Mulsanne et Montreuil-Bellay sont les camps où on été concentrés tous les Tsiganes de l'Ouest de la France. Camp pour "individus sans domicile fixe, nomades et forains, ayant le type romani". Ils étaient Manouches, Gitans, Roms, Sintés, et plus généralement Tsiganes. Furent aussi internés des clochards arrêtés dans les rues au début de l'été 1942, et qui disparurent quasiment tous avant la fin de l'hiver qui suivit et des jeunes réfractaires au STO.

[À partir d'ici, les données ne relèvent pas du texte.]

Lemma part_sum_le N :
  \sum_(0 <= k < N) c k * w k <= Num.sqrt 2 * (Num.sqrt (pi / 2) / rho + w 0).
Proof.
pose P k := (N <= k)%N || (1 < s k.+1).
have PN : P N by rewrite /P leqnn.
have [m Pm minm] := ex_minnP (ex_intro P N PN).
have mN : (m <= N)%N by apply: minm; rewrite /P leqnn.
have head k : (k < m)%N -> s k.+1 <= 1.
  move=> km; rewrite leNgt; apply: contraTN km => sk.
  by rewrite -leqNgt minm// /P sk orbT.
have tail k : (m <= k < N)%N -> 1 <= s k.+1.
  case/andP=> mk kN; case/orP: Pm => [Nm|sm].
    by move: (leq_trans Nm mk); rewrite leqNgt kN.
  exact/ltW/(lt_le_trans sm)/part_slope_le.
rewrite (big_cat_nat (leq0n m) mN) /=.
apply: le_trans (lerD (part_head_sum_le head) (part_tail_sum_le mN tail)) _.
have fm0 : 0 <= f (x m) by exact: f_ge0 (part_pt_itv _).
have two := std_gauss_two_point (part_pt_ge0 m) fm0.
have := std_gauss_le1 (f (x m)); have := std_gauss_ge0 (f (x m)).
have := std_gauss_int_ge0 (part_pt_ge0 m); have := std_gauss_int_ge0 fm0.
have := std_gauss_ge0 (x m); have := part_len_gt0 0.
move: (std_gauss (f (x m))) (std_gauss (x m)) (std_gauss_int (x m))
  (std_gauss_int (f (x m))) two => Ef Ex Gx Gf two w0 Ex0 Gf0 Gx0 Ef0 Ef1.
have -> : Num.sqrt 2 * Ef * (Gx + w 0) + Num.sqrt 2 / rho * Ex * Gf =
  Num.sqrt 2 * (Ef * Gx + Ef * w 0 + Ex * Gf / rho) by ring.
rewrite ler_wpM2l//.
have : Ef * Gx <= Ef * Gx / rho by rewrite ler_pdivlMr// ler_piMr ?mulr_ge0// ltW.
have : (Ef * Gx + Ex * Gf) / rho <= Num.sqrt (pi / 2) / rho by rewrite ler_pM2r ?invr_gt0.
rewrite mulrDl; have : Ef * w 0 <= w 0 by rewrite ler_piMl// ltW.
lra.
Qed.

Le camp de Montreuil-Bellay, considéré comme l'un des plus importants lieu d'internement pour Tsiganes, est installé sur le site en construction d'une cité destinée à loger le personnel d'une poudrerie construite.
Le 19 juin 1940, les entreprises et les Espagnols abandonnèrent le chantier inachevé, menacés par l’avancée des Allemands.

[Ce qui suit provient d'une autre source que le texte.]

(* For every $d\geq1$ and $\delta>0$ there is a constant $C(d,\delta)$ such that: for every box $B=\prod_{k=1}^d[a_k,b_k]\subset\mathbb{R}^d$, every integer $n\geq1$, and every measure $\mu$ with density $h$ w.r.t. Lebesgue measure satisfying $\delta\leq h\leq\delta^{-1}$ (on $B$), there exists a partition $(B_1,\dots,B_n)$ of $B$ into $n$ sub-boxes such that $\mu(B_i)=\frac1n\mu(B)$ for all $i$, and $$\frac{l(B)}{C(d,\delta)n^{1/d}}\leq l(B_i)\leq L(B_i)\leq\frac{C(d,\delta)}{n^{1/d}}L(B)\quad\text{for all }i.$$
   Context: For a box $B=\prod_{k=1}^d[a_k,b_k]$, $l(B)=\min_k(b_k-a_k)$ and $L(B)=\max_k(b_k-a_k)$ are its minimal and maximal edge lengths. Sub-boxes forming a partition may share boundary faces (of Lebesgue measure zero). *)

From HB Require Import structures.
From mathcomp Require Import all_boot all_order all_algebra.
From mathcomp Require Import all_classical all_reals all_analysis.
Set Implicit Arguments. Unset Strict Implicit. Unset Printing Implicit Defensive.
Import Order.TTheory GRing.Theory Num.Theory.
Local Open Scope classical_set_scope.
Local Open Scope ring_scope.

(* Points of R^d are d-tuples of reals (the type n.-tuple T carries, in
   MathComp-Analysis, the product sigma-algebra generated by the coordinate
   projections, i.e. the Borel sigma-algebra of R^d). *)

Definition box (R : realType) (d : nat) (a b : d.-tuple R) : set (d.-tuple R) :=
  [set x | forall k : 'I_d, tnth a k <= tnth x k <= tnth b k].

Definition box_interior (R : realType) (d : nat) (a b : d.-tuple R) : set (d.-tuple R) :=
  [set x | forall k : 'I_d, tnth a k < tnth x k < tnth b k].

Definition edge (R : realType) (d : nat) (a b : d.-tuple R) (k : 'I_d) : R :=
  tnth b k - tnth a k.

(* L(B): maximal edge length (edges are >= 0 for genuine boxes) *)
Definition maxedge (R : realType) (d : nat) (a b : d.-tuple R) : R :=
  \big[Num.max/0]_(k < d) edge a b k.

(* l(B): minimal edge length; seeding the min with L(B) (which is >= every
   edge) makes this exactly the minimum of the edges when d >= 1. *)
Definition minedge (R : realType) (d : nat) (a b : d.-tuple R) : R :=
  \big[Num.min/maxedge a b]_(k < d) edge a b k.

Definition box_partition (R : realType) (d n : nat) (a b : d.-tuple R)
    (lo hi : 'I_n -> d.-tuple R) : Prop :=
  [/\ forall i k, tnth (lo i) k <= tnth (hi i) k,
      forall i, box (lo i) (hi i) `<=` box a b,
      [set x | exists i, box (lo i) (hi i) x] = box a b &
      forall i j, i != j -> box_interior (lo i) (hi i) `&` box_interior (lo j) (hi j) = set0].

(* lam is (the Borel restriction of) d-dimensional Lebesgue measure: it gives
   every box its volume.  This determines lam uniquely on the sigma-algebra. *)
Definition is_lebesgue (R : realType) (d : nat)
    (lam : {measure set (d.-tuple R) -> \bar R}) : Prop :=
  forall a b : d.-tuple R, (forall k, tnth a k <= tnth b k) ->
    lam (box a b) = (\prod_(k < d) edge a b k)%:E.

From HB Require Import structures.
From mathcomp Require Import all_boot all_order all_algebra.
From mathcomp Require Import all_classical all_reals all_analysis.
From mathcomp Require Import measurable_realfun ring lra zify.
Import Order.TTheory GRing.Theory Num.Theory numFieldNormedType.Exports.
Set Implicit Arguments. Unset Strict Implicit. Unset Printing Implicit Defensive.
Local Open Scope classical_set_scope.
Local Open Scope ring_scope.

(* To cut a box into c pieces of equal mass, cut it
   orthogonally to the direction in which its edge is longest relative to the
   corresponding edge of B, into two boxes carrying the fractions
   floor(c/2)/c and ceil(c/2)/c of its mass, and recurse.  Both fractions are
   at least 1/3 and the density lies between delta and 1/delta, so the cut
   edge keeps at least a delta^2/3 share of its length; since it was the
   largest relative edge, all relative edges of every piece stay within the
   factor K = 3/delta^2 of each other.  A final piece has mass mu(B)/n, so its
   volume relative to B lies between delta^2/n and delta^-2/n, and a product
   of d such K-comparable factors forces each of them to be of order
   n^(-1/d). *)

Section TupleUpdate.
Variables (T : Type) (d : nat).
Implicit Types (x : d.-tuple T) (k : 'I_d).

Definition tupdate x k (t : T) : d.-tuple T :=
  [tuple if j == k then t else tnth x j | j < d].

Lemma tnth_tupdate x k t j : tnth (tupdate x k t) j = if j == k then t else tnth x j.
Proof. by rewrite tnth_mktuple. Qed.

Lemma tupdate_id x k : tupdate x k (tnth x k) = x.
Proof. by apply: eq_from_tnth => j; rewrite tnth_tupdate; case: eqP => [->|]. Qed.

Lemma tupdate_tupdate x k s t : tupdate (tupdate x k s) k t = tupdate x k t.
Proof. by apply: eq_from_tnth => j; rewrite !tnth_tupdate; case: eqP. Qed.

End TupleUpdate.

Section Boxes.
Variables (R : realType) (d : nat).
Implicit Types (a b lo hi x : d.-tuple R) (k : 'I_d) (s t : R).

Lemma measurable_box a b : measurable (box a b).
Proof.
have -> : box a b =
    \bigcap_(k in [set: 'I_d]) ((@tnth d R)^~ k @^-1` `[tnth a k, tnth b k]).
  apply/seteqP; split => x /= H k; first by move=> _ /=; rewrite in_itv /= H.
  by have := H k I; rewrite /= in_itv.
apply: fin_bigcap_measurable => [|k _]; first exact: finite_finset.
by rewrite -[X in measurable X]setTI; apply: measurable_tnth => //; exact: measurable_itv.
Qed.

Lemma box_tupdate_hi lo hi k t : t <= tnth hi k ->
  box lo (tupdate hi k t) = box lo hi `&` [set x | tnth x k <= t].
Proof.
move=> thi; apply/seteqP; split => x /=.
- move=> H; have /andP[_ xt] : tnth lo k <= tnth x k <= t.
    by have := H k; rewrite tnth_tupdate eqxx.
  split => // j; have := H j; rewrite tnth_tupdate; case: eqP => [->|//].
  by move/andP=> [-> xt']; rewrite (le_trans xt' thi).
- move=> [H xt] j; rewrite tnth_tupdate; case: eqP => [->|_]; last exact: H.
  by have /andP[-> _] := H k.
Qed.

Lemma box_tupdate_lo lo hi k t : tnth lo k <= t ->
  box (tupdate lo k t) hi = box lo hi `&` [set x | t <= tnth x k].
Proof.
move=> lot; apply/seteqP; split => x /=.
- move=> H; have /andP[tx _] : t <= tnth x k <= tnth hi k.
    by have := H k; rewrite tnth_tupdate eqxx.
  split => // j; have := H j; rewrite tnth_tupdate; case: eqP => [->|//].
  by move/andP=> [tx' ->]; rewrite (le_trans lot tx').
- move=> [H tx] j; rewrite tnth_tupdate; case: eqP => [->|_]; last exact: H.
  by have /andP[_ ->] := H k; rewrite tx.
Qed.

Lemma box_split lo hi k t : tnth lo k <= t <= tnth hi k ->
  box lo hi = box lo (tupdate hi k t) `|` box (tupdate lo k t) hi.
Proof.
move=> /andP[lot thi]; rewrite box_tupdate_hi // box_tupdate_lo // -setIUr.
by apply/esym/setIidl => x _; case: (leP (tnth x k) t) => [|/ltW] xt; [left|right].
Qed.

Lemma box_tupdate_face lo hi k t : tnth lo k <= t <= tnth hi k ->
  box (tupdate lo k t) (tupdate hi k t) = box lo (tupdate hi k t) `&` box (tupdate lo k t) hi.
Proof.
move=> /andP[lot thi].
rewrite box_tupdate_hi // box_tupdate_lo // box_tupdate_hi //.
by apply/seteqP; split => x [[Bx ?] ?].
Qed.

End Boxes.

Section Volume.
Variables (R : realType) (d : nat).
Implicit Types (a b lo hi : d.-tuple R) (k : 'I_d) (s t : R).

Definition vol lo hi := \prod_(k < d) edge lo hi k.

Definition face_vol lo hi k := \prod_(j < d | j != k) edge lo hi j.

Lemma edge_tupdate lo hi k s t j :
  edge (tupdate lo k s) (tupdate hi k t) j = if j == k then t - s else edge lo hi j.
Proof. by rewrite /edge !tnth_tupdate; case: eqP. Qed.

Lemma vol_tupdate lo hi k s t :
  vol (tupdate lo k s) (tupdate hi k t) = (t - s) * face_vol lo hi k.
Proof.
rewrite /vol (bigD1 k) //= edge_tupdate eqxx; congr (_ * _).
by apply: eq_bigr => j /negbTE jk; rewrite edge_tupdate jk.
Qed.

Lemma edge_tupdate_hi lo hi k t j :
  edge lo (tupdate hi k t) j = if j == k then t - tnth lo k else edge lo hi j.
Proof. by rewrite -{1}(tupdate_id lo k) edge_tupdate. Qed.

Lemma edge_tupdate_lo lo hi k s j :
  edge (tupdate lo k s) hi j = if j == k then tnth hi k - s else edge lo hi j.
Proof. by rewrite -{1}(tupdate_id hi k) edge_tupdate. Qed.

Lemma vol_tupdate_hi lo hi k t : vol lo (tupdate hi k t) = (t - tnth lo k) * face_vol lo hi k.
Proof. by rewrite -{1}(tupdate_id lo k) vol_tupdate. Qed.

Lemma vol_face lo hi k : vol lo hi = edge lo hi k * face_vol lo hi k.
Proof. by rewrite -{1}(tupdate_id hi k) vol_tupdate_hi. Qed.

Lemma edge_bounds_minmax lo hi (X Y : R) : (0 < d)%N ->
  (forall k, tnth lo k <= tnth hi k) -> (forall k, X <= edge lo hi k <= Y) ->
  [/\ X <= minedge lo hi, minedge lo hi <= maxedge lo hi & maxedge lo hi <= Y].
Proof.
move=> d0 lh XY; pose k0 := Ordinal d0.
have maxk0 : edge lo hi k0 <= maxedge lo hi := le_bigmax _ _ _.
split.
- by apply: le_bigmin => [|k _]; [apply: le_trans maxk0; case/andP: (XY k0)|case/andP: (XY k)].
- by apply: le_trans maxk0; exact: bigmin_le.
- apply: bigmax_le => [|k _]; last by case/andP: (XY k).
  have /andP[_ k0Y] := XY k0; by apply: le_trans k0Y; rewrite subr_ge0.
Qed.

Les Allemands entrent dans Montreuil-Bellay le 21 juin 1940.
Du 21 juin 1940 à mars 1941, le site, administré par les Allemands, devient un stalag, entouré de barbelés, pour l'internement les militaires français et alliés et des étrangers, dont des civils britanniques vivant en France. Les soldats français seront envoyés en Allemagne et les Britanniques regroupés à Saint-Denis, près de Paris.
Du 8 novembre 1941 au 16 janvier 1943, le camp de Montreuil-Bellay deviendra camp d'internement pour regrouper les Tsiganes sous administration française, gardé par des gendarmes.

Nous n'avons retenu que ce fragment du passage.